**Saved entries:**
^^^^^^^^
Lemma mapT_Delta u : mapT (Delta u) = Delta (mapS u).
Proof.
apply: functional_extensionality => m1; apply: functional_extensionality => m2.
rewrite /mapT /Delta rmorph_sum; apply: eq_bigr => -[w|] _; rewrite rmorphM.
  by rewrite -[f (deltaw F w m1 m2)]/(mapT _ m1 m2) mapT_deltaw.
by rewrite -[f (tens _ _ m1 m2)]/(mapT _ m1 m2) mapT_tens mapS_one.
Qed.

Lemma mapS_ldivw n w v : mapS (ldivw n w v) = ldivw n w (mapS v).
Proof.
elim: n w v => [|n IH] w v /=; first exact: mapS_zero.
apply: functional_extensionality => m; rewrite /mapS rmorphN rmorph_sum; congr (- _).
apply: eq_bigr => m1 _; rewrite rmorph_sum; apply: eq_bigr => m2 _.
rewrite rmorphM -[f (deltaw F w m1 m2)]/(mapT _ m1 m2) mapT_deltaw; congr (_ * _).
by case: m1 => [w1|]; rewrite -/(mapS _ m) ?IH mapS_mul mapS_mono.
Qed.

Lemma mapS_ldiv u v : mapS (ldiv u v) = ldiv (mapS u) (mapS v).
Proof.
apply: functional_extensionality => m; rewrite /mapS /ldiv rmorphD rmorphM rmorph_sum.
by congr (_ + _); apply: eq_bigr => w _; rewrite rmorphM -/(mapS _ m) mapS_ldivw.
Qed.

Lemma mapS_pS xs ys z : mapS (pS xs ys z) = pS (map mapS xs) (map mapS ys) (mapS z).
Proof.
apply: functional_extensionality => m; rewrite /mapS /pS /= -!mapS_lnprod -!mapT_Delta.
rewrite rmorph_sum; apply: eq_bigr => a1 _; rewrite rmorph_sum; apply: eq_bigr => a2 _.
rewrite rmorph_sum; apply: eq_bigr => b1 _; rewrite rmorph_sum; apply: eq_bigr => b2 _.
by rewrite !rmorphM -/(mapS _ m) mapS_ldiv mapS_mul mapS_assoc !mapS_mono.
Qed.

Lemma mapS_rhs_with : mapS (rhs_with (fun _ _ _ => @pS F)) = rhs_with (fun _ _ _ => @pS L).
Proof.
rewrite /rhs_with; cbv zeta beta; rewrite mapS_sum /=.
by do 2 rewrite ?(mapS_scale, rmorph_q, mapS_comm, mapS_add, mapS_opp, mapS_pS,
                  mapS_x, mapS_y) /=.
Qed.

End MapSeries.

Section RatEmbedding.
Variable K : fieldType.
Hypothesis charK0 : [pchar K] =i pred0.

Lemma intr_eq0_pchar0 (z : int) : (z%:~R == 0 :> K) = (z == 0).
Proof.
have natr_eq0 := (pcharf0P K).1 charK0.
by case: z => n; rewrite ?NegzE ?mulrNz ?oppr_eq0 -[_%:~R]/(_%:R) natr_eq0.
Qed.

Lemma ratr_frac (x : rat) (n d : int) : d != 0 -> x * d%:~R = n%:~R ->
  ratr x = n%:~R / d%:~R :> K.
Proof.
move=> d0 xd; have nd : numq x * d = n * denq x.
  by apply: (@intr_inj rat); rewrite !intrM numqE mulrAC xd.
by apply/eqP; rewrite /ratr eqr_div ?intr_eq0_pchar0 ?denq_neq0 // -!intrM nd.
Qed.

Lemma ratrD : {morph @ratr K : x y / x + y}.
Proof.
move=> x y; rewrite (@ratr_frac _ (numq x * denq y + numq y * denq x) (denq x * denq y)).
- by rewrite intrM intrD !intrM addf_div ?intr_eq0_pchar0 ?denq_neq0.
- by rewrite mulf_neq0 ?denq_neq0.
by rewrite intrM intrD !intrM !numqE; ring.
Qed.

Lemma ratrN : {morph @ratr K : x / - x}.
Proof. by move=> x; rewrite /ratr numqN denqN mulrNz mulNr. Qed.

Lemma ratrM : {morph @ratr K : x y / x * y}.
Proof.
move=> x y; rewrite (@ratr_frac _ (numq x * numq y) (denq x * denq y)).
- by rewrite !intrM mulf_div.
- by rewrite mulf_neq0 ?denq_neq0.
by rewrite !intrM !numqE; ring.
Qed.

Fact ratr_zmod_morphism_pchar0 : zmod_morphism (@ratr K).
Proof. by move=> x y; rewrite ratrD ratrN. Qed.

Fact ratr_monoid_morphism_pchar0 : monoid_morphism (@ratr K).
Proof. exact: (ratr_nat K 1%N, ratrM). Qed.

Definition ratr_pchar0 : {rmorphism rat -> K} :=
  HB.pack (@ratr K) (GRing.isZmodMorphism.Build _ _ _ ratr_zmod_morphism_pchar0)
    (GRing.isMonoidMorphism.Build _ _ _ ratr_monoid_morphism_pchar0).

End RatEmbedding.

Section LeftLog.
Variable K : fieldType.
Implicit Types u v W z : series K.

Lemma powS_None u n : u None = 0 -> powS u n.+1 None = 0.
Proof. by move=> u0; rewrite /= /mulS big_seq1 u0 mulr0. Qed.

Lemma powS_Nd u n a b : u None = 0 ->
  powS u n.+2 (Some (Nd a b)) = powS u n.+1 (Some a) * u (Some b).
Proof.
move=> u0; rewrite [powS u n.+2]/= {1}/mulS /= !big_cons big_nil -/(powS u n.+1).
by rewrite powS_None // u0 mul0r mulr0 !add0r addr0.
Qed.

Lemma eq_powS_le d u v : (forall m, (deg m <= d)%N -> u m = v m) ->
  forall n m, (deg m <= d)%N -> powS u n m = powS v n m.
Proof.
move=> eq_uv; elim=> [|n IH] m le_md //=; apply: eq_big_seq => p /deg_facts dp.
by rewrite IH ?eq_uv // (leq_trans _ le_md) // -dp ?leq_addl ?leq_addr.
Qed.

Lemma eq_exp_l_le u v m : (forall m', (deg m' <= deg m)%N -> u m' = v m') ->
  exp_l u m = exp_l v m.
Proof. by move=> eq_uv; apply: eq_bigr => i _; rewrite (eq_powS_le eq_uv). Qed.

Lemma exp_l_None u : exp_l u None = 1.
Proof. by rewrite /exp_l /= big_ord_recl big_ord0 /= divr1 addr0. Qed.

Definition exp_tail u w : K :=
  \sum_(i < (wdeg w).-1) powS u i.+2 (Some w) / (i.+2)`!%:R.

Lemma exp_l_Some u w : u None = 0 -> exp_l u (Some w) = u (Some w) + exp_tail u w.
Proof.
move=> u0; rewrite /exp_l /exp_tail /=; case: (wdeg w) (wdeg_gt0 w) => // n _ /=.
by rewrite !big_ord_recl /= mul1S mul0r add0r divr1.
Qed.

Lemma eq_exp_tail u v w : u None = 0 -> v None = 0 ->
  (forall m, (deg m < wdeg w)%N -> u m = v m) -> exp_tail u w = exp_tail v w.
Proof.
move=> u0 v0; case: w => [| |a b] eq_uv; rewrite /exp_tail ?big_ord0 //.
apply: eq_bigr => i _; rewrite !powS_Nd //; congr (_ * _ / _).
  apply: (eq_powS_le (d := wdeg a)) => // m le_ma; apply: eq_uv.
  by rewrite (leq_ltn_trans le_ma) //= -addn1 leq_add2l wdeg_gt0.
by apply: eq_uv; rewrite /= -add1n leq_add2r wdeg_gt0.
Qed.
^^^^^^^^
**THE TASK:** Having output the line that contains "elim: n w v", stop. Every line before it, back to the first line of the data, must be reproduced exactly.

**RESPONSE:**
Lemma mapT_Delta u : mapT (Delta u) = Delta (mapS u).
Proof.
apply: functional_extensionality => m1; apply: functional_extensionality => m2.
rewrite /mapT /Delta rmorph_sum; apply: eq_bigr => -[w|] _; rewrite rmorphM.
  by rewrite -[f (deltaw F w m1 m2)]/(mapT _ m1 m2) mapT_deltaw.
by rewrite -[f (tens _ _ m1 m2)]/(mapT _ m1 m2) mapT_tens mapS_one.
Qed.

Lemma mapS_ldivw n w v : mapS (ldivw n w v) = ldivw n w (mapS v).
Proof.
elim: n w v => [|n IH] w v /=; first exact: mapS_zero.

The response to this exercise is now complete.